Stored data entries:
Lemma support_in_lt (A : nat -> nat -> bool) z z' x y :
    (forall x y, (x <= m)%N -> (y <= n)%N -> A x y -> 0 < z' x y -> 0 < z x y) ->
    (x <= m)%N -> (y <= n)%N -> A x y -> 0 < z x y -> z' x y = 0 ->
  (#|support_in A z'| < #|support_in A z|)%N.
Proof.
move=> sub hx hy Axy zxy z'xy; apply/proper_card/properP; split.
  apply/subsetP => -[[x' hx'] [y' hy']]; rewrite !inE /= => /andP [Axy' pos].
  by rewrite Axy' sub.
exists (Ordinal (hx : (x < m.+1)%N), Ordinal (hy : (y < n.+1)%N)); rewrite !inE /= Axy //.
by rewrite z'xy ltxx.
Qed.

Definition saturated z i := z i i = Num.min (pi m i) (pi n i).

Lemma saturated_mono z z' i : transport_plan pi m n z' -> (i <= m)%N ->
  z i i <= z' i i -> saturated z i -> saturated z' i.
Proof.
move=> hz' him le sat; apply/eqP; rewrite eq_le diag_le_min //=.
by rewrite /saturated -sat.
Qed.

Lemma pair_diag_neq x i j : i != j -> (x, x) != (i, j).
Proof. by apply: contra => /eqP [<- <-]. Qed.

Definition row_col_off i x y := (x == i) != (y == i).

Lemma saturate_step i z : (i <= m)%N -> optimal z -> (forall x, (x < i)%N -> saturated z x) ->
  saturated z i \/ exists z', [/\ optimal z', forall x, (x < i)%N -> saturated z' x &
    (#|support_in (row_col_off i) z'| < #|support_in (row_col_off i) z|)%N].
Proof.
move=> him [hz cz] satz; have hin := leq_trans him hmn; have [z0 zr zc] := hz.
have [|unsat] := eqVneq (z i i) (Num.min (pi m i) (pi n i)); first by left.
have := diag_le_min hz him; rewrite le_eqVlt (negbTE unsat) lt_min /= => /andP [ltm ltn].
have [j [hj nji posj]] : exists j, [/\ (j <= n)%N, j != i & 0 < z i j].
  by apply: exists_other_gt0; rewrite ?zr // => j hj; apply: z0.
have [k [hk nki posk]] : exists k, [/\ (k <= m)%N, k != i & 0 < z k i].
  by apply: (exists_other_gt0 (F := z^~ i)); rewrite ?zc // => k hk; apply: z0.
have e0 : 0 <= Num.min (z i j) (z k i) by rewrite le_min !ltW.
have [hz' cz'] : optimal (exchange z i k i j).
  apply: exchange_optimal; rewrite ?(eq_sym i) //.
  have := cost_triangle Hpi Hd k i j; have := cost_diag_le0 Hpi Hd i; lra.
right; exists (exchange z i k i j); split => //.
  move=> x hxi; apply: saturated_mono (satz x hxi) => //; first exact: leq_trans (ltnW hxi) him.
  by apply: exchange_ge; rewrite ?pair_diag_neq // eq_sym.
have hA : forall x y, (x <= m)%N -> (y <= n)%N -> row_col_off i x y ->
    0 < exchange z i k i j x y -> 0 < z x y.
  move=> x y _ _; apply: (exchange_gt0_in (A := row_col_off i)) => //; rewrite /row_col_off.
    by rewrite eqxx.
  by rewrite (negbTE nki) (negbTE nji).
have nik : i != k by rewrite eq_sym.
have nij : i != j by rewrite eq_sym.
have [vanish|vanish] := exchange_vanishes z nik nij.
  by apply: (support_in_lt hA him hj) => //; rewrite /row_col_off eqxx (negbTE nji).
by apply: (support_in_lt hA hk hin) => //; rewrite /row_col_off eqxx (negbTE nki).
Qed.
Lemma connected_setD1_leaf (A : {set I}) l :
  l \in A -> leaf_in A l -> connected_set F A -> connected_set F (A :\ l).
Proof.
move=> lA leaf cA a b; rewrite !inE => /andP[al aA] /andP[bl bA].
move: (cA a b aA bA) => /connectP[p0 pa0 bE]; subst b.
move: bl bA; case: (shortenP pa0) => p pa up _ bl bA.
(* A shortest path never passes through a leaf, since it would enter and leave
   it through the same neighbour. *)
have lp : l \notin p.
  apply/negP => lp; case/splitPr: lp pa up bl => p1 p2 pa up.
  rewrite last_cat /=; case: p2 pa up => [|z q] pa up; first by rewrite eqxx.
  move=> _; move: pa; rewrite cat_path /=.
  move=> /andP[_ /andP[/and3P[yA _ Fyl] /andP[/and3P[_ zA Flz] _]]].
  have yz := leaf _ _ yA zA (etrans (Fsym _ _) Fyl) Flz.
  move: up; rewrite -cat_cons cat_uniq => /and3P[_ /hasPn Hz _].
  have zin : z \in l :: z :: q by rewrite !in_cons eqxx orbT.
  by move: (Hz z zin); rewrite -yz (mem_last a p1).
apply/connectP; exists p => //; clear pa0 bA bl up.
elim: p a al aA pa lp => [|z q IH] a al aA //=.
move=> /andP[/and3P[_ zA Faz] pq]; rewrite in_cons negb_or eq_sym => /andP[zl lq].
by rewrite !inE al aA zl zA Faz /= IH.
Qed.
(* W(|W_n| + j) = W(j) for j < |W_n|, so the window has as many 1s as W_n. *)
Lemma mismatches_double i n : i <= W_len n -> mismatches w i n = 2 * zero_one w i n.
Proof.
  intros Hi. unfold mismatches, zero_one.
  apply (count_below_neqb_balanced (fun k => nth k (Wm n) false) (fun k => w (i + k))).
  fold (W_len n). transitivity (count_below w (W_len n)).
  { apply count_below_ext. intros k Hk. symmetry. apply Hw. exact Hk. }
  assert (Hperiod : count_below (fun k => w (W_len n + k)) i = count_below w i).
  { apply count_below_ext. intros k Hk. rewrite (Hw n k) by (unfold W_len in *; lia).
    apply (w_factor (S n) (Wm n) (Wm n) ([true] ++ Wm n));
      [reflexivity | unfold W_len in *; lia]. }
  pose proof (count_below_add w i (W_len n)) as Hi_first.
  pose proof (count_below_add w (W_len n) i) as HL_first.
  rewrite Nat.add_comm in HL_first. lia.
Qed.

Lemma zero_one_closed_form i k :
  2 * zero_one w i (k + i) + flip_total i i = 2 * zero_one w i i + 3 ^ k * flip_total i i.
Proof.
  induction k as [|k IH]; [simpl; lia|].
  cbn [Nat.add]. rewrite zero_one_succ by (pose proof (W_len_ge (k + i)); lia).
  rewrite flip_total_iter. simpl. lia.
Qed.

End InfiniteWord.

Open Scope R_scope.

Lemma INR_pow3 n : INR (3 ^ n) = 3 ^ n.
Proof. rewrite pow_INR. f_equal. simpl. lra. Qed.

Lemma Rdiv_gt_of_mult_lt a b c : 0 < b -> c * b < a -> a / b > c.
Proof.
  intros Hb Hcb. apply Rlt_gt, (Rmult_lt_reg_r b); [exact Hb |].
  unfold Rdiv. rewrite Rmult_assoc, Rinv_l, Rmult_1_r by lra. exact Hcb.
Qed.

Lemma Un_cv_ratio_pow3 (u : nat -> R) (i : nat) (p q c d : R) :
  d <> 0 -> (forall k, u (k + i)%nat = (p + q * 3 ^ k) / (c + d * 3 ^ k)) -> Un_cv u (q / d).
Proof.
  intros Hd Hu. apply is_lim_seq_Reals, (is_lim_seq_incr_n u i).
  assert (Hgeom : is_lim_seq (fun k => (/ 3) ^ k) 0)
    by (apply is_lim_seq_geom; rewrite Rabs_pos_eq; lra).
  apply (is_lim_seq_ext (fun k => (p * (/ 3) ^ k + q) / (c * (/ 3) ^ k + d))).
  { intros k. assert (H3k : 3 ^ k <> 0) by (apply pow_nonzero; lra).
    rewrite Hu, <- (Rdiv_mult_r_r (3 ^ k)) by exact H3k.
    rewrite pow_inv. f_equal; field; exact H3k. }
  replace (q / d) with ((p * 0 + q) / (c * 0 + d)) by (f_equal; ring).
  apply is_lim_seq_div'; [| | rewrite Rmult_0_r, Rplus_0_l; exact Hd];
    apply is_lim_seq_plus'; auto using is_lim_seq_const, is_lim_seq_mult'.
Qed.

Section Densities.
Variable w : nat -> bool.
Hypothesis Hw : is_W w.
Variable i : nat.

Lemma zero_one_closed_form_R k :
  2 * INR (zero_one w i (k + i)) =
  2 * INR (zero_one w i i) - INR (flip_total i i) + INR (flip_total i i) * 3 ^ k.
Proof.
  pose proof (f_equal INR (zero_one_closed_form w Hw i k)) as H.
  rewrite !plus_INR, !mult_INR, INR_pow3 in H. simpl (INR 2) in H. lra.
Qed.

Lemma d0_n_closed_form k :
  d0_n w i (k + i) =
  (2 * INR (zero_one w i i) - INR (flip_total i i) + INR (flip_total i i) * 3 ^ k) /
  (0 + 2 * 3 ^ i * 3 ^ k).
Proof.
  unfold d0_n. rewrite zeros_eq, INR_pow3, pow_add, <- zero_one_closed_form_R.
  field. split; apply pow_nonzero; lra.
Qed.

Lemma d_n_closed_form k :
  d_n w i (k + i) =
  (2 * (2 * INR (zero_one w i i) - INR (flip_total i i)) + 2 * INR (flip_total i i) * 3 ^ k) /
  (-1 + 3 * 3 ^ i * 3 ^ k).
Proof.
  unfold d_n. fold (W_len (k + i)).
  rewrite (mismatches_double w Hw) by (pose proof (W_len_ge (k + i)); lia).
  pose proof (f_equal INR (W_len_pow (k + i))) as Hlen.
  rewrite plus_INR, mult_INR, INR_pow3 in Hlen. simpl (INR 2) in Hlen. simpl (INR 1) in Hlen.
  replace (INR (W_len (k + i))) with ((3 * 3 ^ i * 3 ^ k - 1) / 2)
    by (rewrite <- tech_pow_Rmult, pow_add in Hlen; lra).
  rewrite mult_INR. change (INR 2) with 2. rewrite zero_one_closed_form_R.
  assert (1 <= 3 ^ i) by (apply pow_R1_Rle; lra).
  assert (1 <= 3 ^ k) by (apply pow_R1_Rle; lra).
  field. nra.
Qed.

End Densities.

Theorem proposition1 (w : nat -> bool) (Hw : is_W w) (i : nat) (hi : (0 < i)%nat) :
  (exists L0 : R, Un_cv (d0_n w i) L0 /\ L0 > 1 / 6) /\
  (exists L : R, Un_cv (d_n w i) L /\ L > 2 / 9).
Proof.
  assert (Hlower : 3 ^ i < 3 * INR (flip_total i i)).
  { pose proof (lt_INR _ _ (flip_total_lower i hi)) as H.
    rewrite mult_INR, INR_pow3 in H. simpl (INR 3) in H. lra. }
  assert (H3i : 0 < 3 ^ i) by (apply pow_lt; lra).
  split.
  - exists (INR (flip_total i i) / (2 * 3 ^ i)). split.
    + eapply (Un_cv_ratio_pow3 _ i _ _ 0); [lra | apply d0_n_closed_form, Hw].
    + apply Rdiv_gt_of_mult_lt; lra.
  - exists (2 * INR (flip_total i i) / (3 * 3 ^ i)). split.
    + eapply (Un_cv_ratio_pow3 _ i _ _ (-1)); [lra | apply d_n_closed_form, Hw].
    + apply Rdiv_gt_of_mult_lt; lra.
Qed.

*WORK INSTRUCTIONS*
Look above for the line that contains "Lemma mismatches_double i". Starting there, transcribe every line exactly until you have copied the line that contains "fold (W_len n).".

*TASK RESULT*
Lemma mismatches_double i n : i <= W_len n -> mismatches w i n = 2 * zero_one w i n.
Proof.
  intros Hi. unfold mismatches, zero_one.
  apply (count_below_neqb_balanced (fun k => nth k (Wm n) false) (fun k => w (i + k))).
  fold (W_len n). transitivity (count_below w (W_len n)).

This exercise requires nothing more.